__WORK TO COMPLETE__: The entries below contain a line with "Lemma pprime_onto q" and a line with "by case: (next_pprimeP 0)". Quote exactly those two lines and all lines between them.

┌────────

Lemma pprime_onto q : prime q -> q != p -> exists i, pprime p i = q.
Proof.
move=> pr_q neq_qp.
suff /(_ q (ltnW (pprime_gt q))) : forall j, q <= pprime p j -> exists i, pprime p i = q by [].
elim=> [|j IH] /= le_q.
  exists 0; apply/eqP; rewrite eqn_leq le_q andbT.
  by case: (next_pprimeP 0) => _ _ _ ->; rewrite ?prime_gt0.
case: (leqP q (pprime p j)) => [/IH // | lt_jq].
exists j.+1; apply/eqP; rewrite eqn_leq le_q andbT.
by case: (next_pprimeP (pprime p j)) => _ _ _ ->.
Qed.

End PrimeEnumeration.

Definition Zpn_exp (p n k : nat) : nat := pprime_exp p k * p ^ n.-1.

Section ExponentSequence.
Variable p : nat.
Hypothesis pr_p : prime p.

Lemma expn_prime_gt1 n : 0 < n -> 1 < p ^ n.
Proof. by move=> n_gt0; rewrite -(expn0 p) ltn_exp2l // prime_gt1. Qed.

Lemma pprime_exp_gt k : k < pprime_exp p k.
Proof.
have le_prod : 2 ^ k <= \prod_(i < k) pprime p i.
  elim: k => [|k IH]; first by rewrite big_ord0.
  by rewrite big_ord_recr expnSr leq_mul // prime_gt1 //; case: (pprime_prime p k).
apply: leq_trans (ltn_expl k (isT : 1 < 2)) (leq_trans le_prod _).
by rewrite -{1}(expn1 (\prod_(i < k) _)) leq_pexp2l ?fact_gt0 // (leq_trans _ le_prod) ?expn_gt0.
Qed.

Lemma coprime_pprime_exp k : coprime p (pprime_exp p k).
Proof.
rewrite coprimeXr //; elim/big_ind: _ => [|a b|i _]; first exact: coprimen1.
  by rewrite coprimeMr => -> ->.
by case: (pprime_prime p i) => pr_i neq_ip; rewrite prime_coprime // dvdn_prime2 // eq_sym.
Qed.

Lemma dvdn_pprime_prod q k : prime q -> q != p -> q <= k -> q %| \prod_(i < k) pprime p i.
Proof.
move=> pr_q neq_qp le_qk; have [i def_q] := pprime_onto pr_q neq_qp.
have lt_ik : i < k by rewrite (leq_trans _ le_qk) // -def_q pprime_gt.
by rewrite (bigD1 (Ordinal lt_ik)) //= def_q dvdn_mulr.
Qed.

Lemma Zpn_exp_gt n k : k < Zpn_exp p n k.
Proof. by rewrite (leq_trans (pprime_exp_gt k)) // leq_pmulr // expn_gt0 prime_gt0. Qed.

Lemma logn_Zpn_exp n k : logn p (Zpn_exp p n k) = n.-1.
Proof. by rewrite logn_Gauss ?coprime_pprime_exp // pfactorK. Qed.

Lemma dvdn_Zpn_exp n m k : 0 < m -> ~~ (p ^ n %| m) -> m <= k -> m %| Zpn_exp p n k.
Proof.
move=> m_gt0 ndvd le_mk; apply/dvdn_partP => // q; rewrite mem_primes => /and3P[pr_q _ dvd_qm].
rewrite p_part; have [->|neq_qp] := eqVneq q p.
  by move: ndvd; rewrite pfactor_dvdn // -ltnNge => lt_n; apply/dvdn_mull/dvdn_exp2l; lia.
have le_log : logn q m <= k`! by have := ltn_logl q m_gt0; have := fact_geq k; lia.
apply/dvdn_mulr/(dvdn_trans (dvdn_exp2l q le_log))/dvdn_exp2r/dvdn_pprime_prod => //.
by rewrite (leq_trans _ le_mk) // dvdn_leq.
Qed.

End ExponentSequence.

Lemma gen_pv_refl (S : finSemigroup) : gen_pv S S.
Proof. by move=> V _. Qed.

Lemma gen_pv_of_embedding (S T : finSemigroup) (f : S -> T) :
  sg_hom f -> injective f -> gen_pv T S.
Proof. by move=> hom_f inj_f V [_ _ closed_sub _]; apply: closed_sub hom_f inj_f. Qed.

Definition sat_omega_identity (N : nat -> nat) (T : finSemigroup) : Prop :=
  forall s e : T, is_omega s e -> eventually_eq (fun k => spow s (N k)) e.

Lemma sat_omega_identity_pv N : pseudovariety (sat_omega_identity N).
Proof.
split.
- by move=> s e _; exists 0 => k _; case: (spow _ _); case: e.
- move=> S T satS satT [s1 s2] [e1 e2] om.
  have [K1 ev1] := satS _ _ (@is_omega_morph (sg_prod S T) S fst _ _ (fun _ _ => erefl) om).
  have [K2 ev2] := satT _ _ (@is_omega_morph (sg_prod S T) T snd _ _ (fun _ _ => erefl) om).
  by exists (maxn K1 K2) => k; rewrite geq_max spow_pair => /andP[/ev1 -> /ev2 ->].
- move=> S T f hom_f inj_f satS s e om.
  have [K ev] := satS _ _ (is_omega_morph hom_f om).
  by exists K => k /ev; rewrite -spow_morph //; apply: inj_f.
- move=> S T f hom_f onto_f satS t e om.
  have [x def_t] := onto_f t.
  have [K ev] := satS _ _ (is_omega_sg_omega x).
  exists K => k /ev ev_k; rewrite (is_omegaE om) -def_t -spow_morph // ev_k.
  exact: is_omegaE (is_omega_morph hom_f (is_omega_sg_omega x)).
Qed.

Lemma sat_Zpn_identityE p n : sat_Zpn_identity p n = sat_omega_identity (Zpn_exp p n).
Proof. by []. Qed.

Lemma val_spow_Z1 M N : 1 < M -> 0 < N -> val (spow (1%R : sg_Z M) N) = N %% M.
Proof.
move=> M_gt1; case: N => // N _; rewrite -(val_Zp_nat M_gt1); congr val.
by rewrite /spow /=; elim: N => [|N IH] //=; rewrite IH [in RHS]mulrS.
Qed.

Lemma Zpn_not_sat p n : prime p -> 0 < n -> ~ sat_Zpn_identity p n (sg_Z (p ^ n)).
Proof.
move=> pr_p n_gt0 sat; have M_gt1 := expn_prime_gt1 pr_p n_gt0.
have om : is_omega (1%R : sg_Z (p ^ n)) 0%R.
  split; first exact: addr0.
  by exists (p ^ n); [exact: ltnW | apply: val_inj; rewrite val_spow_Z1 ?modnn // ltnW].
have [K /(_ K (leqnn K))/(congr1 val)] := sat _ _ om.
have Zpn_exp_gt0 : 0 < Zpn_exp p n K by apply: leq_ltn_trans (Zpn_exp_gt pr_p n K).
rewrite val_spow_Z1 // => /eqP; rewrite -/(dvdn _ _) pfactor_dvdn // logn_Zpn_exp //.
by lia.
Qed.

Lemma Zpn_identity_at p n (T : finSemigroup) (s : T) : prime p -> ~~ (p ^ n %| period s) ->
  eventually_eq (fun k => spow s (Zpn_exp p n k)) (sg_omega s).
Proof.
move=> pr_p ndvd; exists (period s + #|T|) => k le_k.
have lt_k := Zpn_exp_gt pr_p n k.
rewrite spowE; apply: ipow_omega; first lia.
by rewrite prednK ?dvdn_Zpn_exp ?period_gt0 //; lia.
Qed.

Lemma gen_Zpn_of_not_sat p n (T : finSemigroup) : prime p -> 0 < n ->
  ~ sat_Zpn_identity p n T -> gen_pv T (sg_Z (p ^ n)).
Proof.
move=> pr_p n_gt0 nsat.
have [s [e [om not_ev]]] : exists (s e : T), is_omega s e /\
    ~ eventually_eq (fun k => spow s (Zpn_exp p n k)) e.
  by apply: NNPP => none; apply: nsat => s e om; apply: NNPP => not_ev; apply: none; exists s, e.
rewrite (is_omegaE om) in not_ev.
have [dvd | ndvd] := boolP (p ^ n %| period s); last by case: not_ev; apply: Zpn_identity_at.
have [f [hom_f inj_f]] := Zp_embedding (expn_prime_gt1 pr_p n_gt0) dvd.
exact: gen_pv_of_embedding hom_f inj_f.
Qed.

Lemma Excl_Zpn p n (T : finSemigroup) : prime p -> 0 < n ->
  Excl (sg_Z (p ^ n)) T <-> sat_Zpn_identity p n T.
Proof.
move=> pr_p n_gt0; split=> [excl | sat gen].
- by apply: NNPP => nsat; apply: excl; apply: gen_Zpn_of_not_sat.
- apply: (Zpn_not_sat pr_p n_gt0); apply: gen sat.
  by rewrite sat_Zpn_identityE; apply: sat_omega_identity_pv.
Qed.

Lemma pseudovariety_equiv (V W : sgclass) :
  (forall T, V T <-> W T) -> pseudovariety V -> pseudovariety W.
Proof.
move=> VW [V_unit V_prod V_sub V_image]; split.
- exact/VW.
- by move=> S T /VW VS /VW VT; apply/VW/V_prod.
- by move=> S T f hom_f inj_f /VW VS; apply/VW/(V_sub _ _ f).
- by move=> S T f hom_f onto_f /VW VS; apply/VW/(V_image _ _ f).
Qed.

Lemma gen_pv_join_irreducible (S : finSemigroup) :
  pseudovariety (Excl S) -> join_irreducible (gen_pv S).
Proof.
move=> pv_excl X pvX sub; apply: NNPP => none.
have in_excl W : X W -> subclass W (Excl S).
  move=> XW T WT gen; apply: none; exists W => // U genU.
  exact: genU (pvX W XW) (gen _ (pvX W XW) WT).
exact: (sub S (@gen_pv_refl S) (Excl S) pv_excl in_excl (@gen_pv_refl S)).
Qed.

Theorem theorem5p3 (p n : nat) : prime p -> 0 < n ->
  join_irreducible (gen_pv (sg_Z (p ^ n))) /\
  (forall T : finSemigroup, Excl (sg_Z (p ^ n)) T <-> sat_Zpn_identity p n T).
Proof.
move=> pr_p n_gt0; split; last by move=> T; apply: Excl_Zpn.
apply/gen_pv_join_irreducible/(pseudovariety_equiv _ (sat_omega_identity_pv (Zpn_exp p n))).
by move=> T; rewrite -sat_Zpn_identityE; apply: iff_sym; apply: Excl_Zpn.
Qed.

└────────
┌────────

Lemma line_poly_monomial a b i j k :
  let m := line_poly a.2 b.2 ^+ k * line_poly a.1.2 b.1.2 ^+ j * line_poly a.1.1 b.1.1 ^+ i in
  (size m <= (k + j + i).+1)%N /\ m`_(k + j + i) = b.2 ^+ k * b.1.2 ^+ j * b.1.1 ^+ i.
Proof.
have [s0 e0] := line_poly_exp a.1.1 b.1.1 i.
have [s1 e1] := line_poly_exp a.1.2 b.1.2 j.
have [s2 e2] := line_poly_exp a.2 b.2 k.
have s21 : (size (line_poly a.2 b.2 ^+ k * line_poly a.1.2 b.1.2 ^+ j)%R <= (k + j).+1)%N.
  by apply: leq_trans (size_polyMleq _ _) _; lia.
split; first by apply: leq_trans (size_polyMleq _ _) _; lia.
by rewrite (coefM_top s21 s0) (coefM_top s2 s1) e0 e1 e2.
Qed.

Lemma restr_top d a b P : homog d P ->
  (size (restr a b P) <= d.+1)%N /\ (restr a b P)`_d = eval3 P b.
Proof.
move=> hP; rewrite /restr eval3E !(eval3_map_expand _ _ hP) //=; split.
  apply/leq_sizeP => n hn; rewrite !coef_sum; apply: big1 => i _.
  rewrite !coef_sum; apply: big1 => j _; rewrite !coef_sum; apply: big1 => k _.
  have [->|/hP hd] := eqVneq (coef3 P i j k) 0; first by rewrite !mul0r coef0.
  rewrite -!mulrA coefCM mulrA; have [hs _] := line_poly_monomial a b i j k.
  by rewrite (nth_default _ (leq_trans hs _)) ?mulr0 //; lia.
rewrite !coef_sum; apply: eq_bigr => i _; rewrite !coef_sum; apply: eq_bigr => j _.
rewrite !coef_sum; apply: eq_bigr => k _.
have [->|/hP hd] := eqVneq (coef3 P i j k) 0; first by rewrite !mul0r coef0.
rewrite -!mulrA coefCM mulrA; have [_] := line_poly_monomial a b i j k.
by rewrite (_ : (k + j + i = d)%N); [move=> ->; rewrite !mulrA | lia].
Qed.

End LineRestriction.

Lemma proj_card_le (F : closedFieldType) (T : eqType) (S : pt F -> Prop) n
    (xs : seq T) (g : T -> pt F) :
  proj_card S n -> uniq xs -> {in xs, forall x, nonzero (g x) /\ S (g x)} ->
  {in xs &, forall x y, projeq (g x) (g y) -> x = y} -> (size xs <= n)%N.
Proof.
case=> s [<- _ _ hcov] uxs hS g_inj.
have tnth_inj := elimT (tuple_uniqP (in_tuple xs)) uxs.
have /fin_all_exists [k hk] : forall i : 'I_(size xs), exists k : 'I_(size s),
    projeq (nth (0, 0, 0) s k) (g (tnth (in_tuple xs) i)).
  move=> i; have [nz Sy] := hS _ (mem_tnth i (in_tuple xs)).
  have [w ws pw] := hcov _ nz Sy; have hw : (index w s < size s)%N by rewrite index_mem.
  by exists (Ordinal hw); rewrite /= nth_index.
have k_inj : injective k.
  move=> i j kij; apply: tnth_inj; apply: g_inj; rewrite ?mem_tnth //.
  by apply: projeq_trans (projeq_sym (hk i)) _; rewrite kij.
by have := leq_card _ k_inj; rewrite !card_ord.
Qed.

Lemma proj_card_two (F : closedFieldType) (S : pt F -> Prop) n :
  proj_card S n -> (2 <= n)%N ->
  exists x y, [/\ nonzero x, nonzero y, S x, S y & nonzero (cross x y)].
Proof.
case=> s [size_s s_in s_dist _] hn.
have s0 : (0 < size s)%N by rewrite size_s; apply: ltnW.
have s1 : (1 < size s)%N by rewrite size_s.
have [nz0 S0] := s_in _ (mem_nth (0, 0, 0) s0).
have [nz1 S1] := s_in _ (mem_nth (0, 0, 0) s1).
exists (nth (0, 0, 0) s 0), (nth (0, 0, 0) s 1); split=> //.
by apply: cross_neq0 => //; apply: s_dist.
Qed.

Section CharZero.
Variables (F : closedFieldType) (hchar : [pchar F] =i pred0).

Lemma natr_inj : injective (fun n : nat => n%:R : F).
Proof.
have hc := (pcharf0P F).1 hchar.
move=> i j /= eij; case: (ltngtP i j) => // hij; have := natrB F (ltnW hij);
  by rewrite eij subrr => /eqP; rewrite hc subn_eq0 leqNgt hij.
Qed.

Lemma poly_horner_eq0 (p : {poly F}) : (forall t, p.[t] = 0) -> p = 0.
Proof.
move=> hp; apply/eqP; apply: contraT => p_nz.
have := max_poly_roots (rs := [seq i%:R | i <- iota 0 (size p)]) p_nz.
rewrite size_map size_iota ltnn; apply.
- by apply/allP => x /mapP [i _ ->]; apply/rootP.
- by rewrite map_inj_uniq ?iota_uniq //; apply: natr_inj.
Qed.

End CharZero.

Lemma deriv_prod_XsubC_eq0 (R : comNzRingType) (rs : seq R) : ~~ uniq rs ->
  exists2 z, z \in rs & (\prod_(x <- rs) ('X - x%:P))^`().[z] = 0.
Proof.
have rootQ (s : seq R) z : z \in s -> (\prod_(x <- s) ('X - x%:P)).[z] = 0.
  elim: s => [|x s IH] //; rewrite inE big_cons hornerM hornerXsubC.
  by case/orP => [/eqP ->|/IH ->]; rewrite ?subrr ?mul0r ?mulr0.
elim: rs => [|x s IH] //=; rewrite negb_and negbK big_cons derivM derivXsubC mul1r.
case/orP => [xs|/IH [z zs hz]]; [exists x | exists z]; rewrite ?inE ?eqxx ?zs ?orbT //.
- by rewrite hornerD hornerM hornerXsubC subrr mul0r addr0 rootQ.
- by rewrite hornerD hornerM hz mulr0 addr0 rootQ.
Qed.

└────────
┌────────

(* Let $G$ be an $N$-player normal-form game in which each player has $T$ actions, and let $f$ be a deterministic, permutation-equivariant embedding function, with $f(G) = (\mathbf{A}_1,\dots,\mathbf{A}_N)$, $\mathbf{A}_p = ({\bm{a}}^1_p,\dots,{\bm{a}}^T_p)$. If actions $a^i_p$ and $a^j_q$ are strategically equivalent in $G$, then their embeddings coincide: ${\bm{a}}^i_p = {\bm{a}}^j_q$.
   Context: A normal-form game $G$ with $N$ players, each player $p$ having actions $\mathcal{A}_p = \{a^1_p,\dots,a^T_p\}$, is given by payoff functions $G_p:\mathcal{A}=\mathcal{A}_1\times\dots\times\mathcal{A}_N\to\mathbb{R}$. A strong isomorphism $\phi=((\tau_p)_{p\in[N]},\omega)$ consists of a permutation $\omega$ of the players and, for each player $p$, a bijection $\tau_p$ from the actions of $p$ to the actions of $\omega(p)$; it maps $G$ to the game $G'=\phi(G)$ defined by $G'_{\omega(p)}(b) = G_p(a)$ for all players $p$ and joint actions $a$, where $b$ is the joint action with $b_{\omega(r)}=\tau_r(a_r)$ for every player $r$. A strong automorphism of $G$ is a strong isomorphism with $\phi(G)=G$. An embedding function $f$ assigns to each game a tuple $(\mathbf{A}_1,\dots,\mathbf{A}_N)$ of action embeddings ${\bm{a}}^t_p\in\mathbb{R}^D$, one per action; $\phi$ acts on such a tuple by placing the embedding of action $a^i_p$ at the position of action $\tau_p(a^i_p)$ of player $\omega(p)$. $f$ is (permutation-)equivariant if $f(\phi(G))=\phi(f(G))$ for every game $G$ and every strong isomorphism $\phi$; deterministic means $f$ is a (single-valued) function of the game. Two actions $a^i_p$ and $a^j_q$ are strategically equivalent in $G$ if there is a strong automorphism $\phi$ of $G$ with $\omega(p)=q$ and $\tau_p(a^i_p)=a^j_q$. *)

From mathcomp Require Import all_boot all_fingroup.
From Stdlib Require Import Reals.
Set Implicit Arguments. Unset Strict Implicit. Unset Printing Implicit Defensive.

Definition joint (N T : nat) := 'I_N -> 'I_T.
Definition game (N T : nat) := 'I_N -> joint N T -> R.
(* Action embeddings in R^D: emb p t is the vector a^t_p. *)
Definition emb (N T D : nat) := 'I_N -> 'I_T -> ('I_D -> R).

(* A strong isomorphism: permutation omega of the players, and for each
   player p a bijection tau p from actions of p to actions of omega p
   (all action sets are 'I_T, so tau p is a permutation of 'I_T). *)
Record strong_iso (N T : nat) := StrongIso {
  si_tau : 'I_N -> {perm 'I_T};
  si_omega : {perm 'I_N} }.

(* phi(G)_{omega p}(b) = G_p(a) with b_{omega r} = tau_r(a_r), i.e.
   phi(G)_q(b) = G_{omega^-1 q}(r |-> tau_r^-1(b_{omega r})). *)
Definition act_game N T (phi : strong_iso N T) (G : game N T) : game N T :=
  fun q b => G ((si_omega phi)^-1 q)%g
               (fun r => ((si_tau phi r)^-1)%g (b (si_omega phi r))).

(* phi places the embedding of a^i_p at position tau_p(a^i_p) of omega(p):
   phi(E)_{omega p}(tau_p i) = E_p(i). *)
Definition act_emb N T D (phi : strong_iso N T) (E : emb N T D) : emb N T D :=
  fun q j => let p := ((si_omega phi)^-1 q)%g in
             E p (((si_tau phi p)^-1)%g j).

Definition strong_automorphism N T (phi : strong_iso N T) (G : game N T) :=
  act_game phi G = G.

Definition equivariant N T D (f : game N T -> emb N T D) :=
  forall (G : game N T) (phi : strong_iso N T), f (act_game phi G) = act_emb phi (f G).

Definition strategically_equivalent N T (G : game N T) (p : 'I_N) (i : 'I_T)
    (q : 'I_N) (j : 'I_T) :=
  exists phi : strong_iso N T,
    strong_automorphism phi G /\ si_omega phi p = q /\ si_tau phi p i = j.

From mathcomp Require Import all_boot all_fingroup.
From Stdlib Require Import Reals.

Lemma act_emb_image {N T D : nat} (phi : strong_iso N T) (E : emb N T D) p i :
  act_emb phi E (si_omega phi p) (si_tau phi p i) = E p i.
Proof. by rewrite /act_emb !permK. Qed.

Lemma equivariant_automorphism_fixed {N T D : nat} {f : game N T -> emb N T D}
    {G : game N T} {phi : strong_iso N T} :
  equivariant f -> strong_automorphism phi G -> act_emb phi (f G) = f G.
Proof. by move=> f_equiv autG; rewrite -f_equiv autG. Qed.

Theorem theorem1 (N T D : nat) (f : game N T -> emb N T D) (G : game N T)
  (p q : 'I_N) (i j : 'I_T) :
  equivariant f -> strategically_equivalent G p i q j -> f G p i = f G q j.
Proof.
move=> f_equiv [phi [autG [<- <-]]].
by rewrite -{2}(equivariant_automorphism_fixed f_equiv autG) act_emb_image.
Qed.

└────────

__EXERCISE RESULT__:
Lemma pprime_onto q : prime q -> q != p -> exists i, pprime p i = q.
Proof.
move=> pr_q neq_qp.
suff /(_ q (ltnW (pprime_gt q))) : forall j, q <= pprime p j -> exists i, pprime p i = q by [].
elim=> [|j IH] /= le_q.
  exists 0; apply/eqP; rewrite eqn_leq le_q andbT.
  by case: (next_pprimeP 0) => _ _ _ ->; rewrite ?prime_gt0.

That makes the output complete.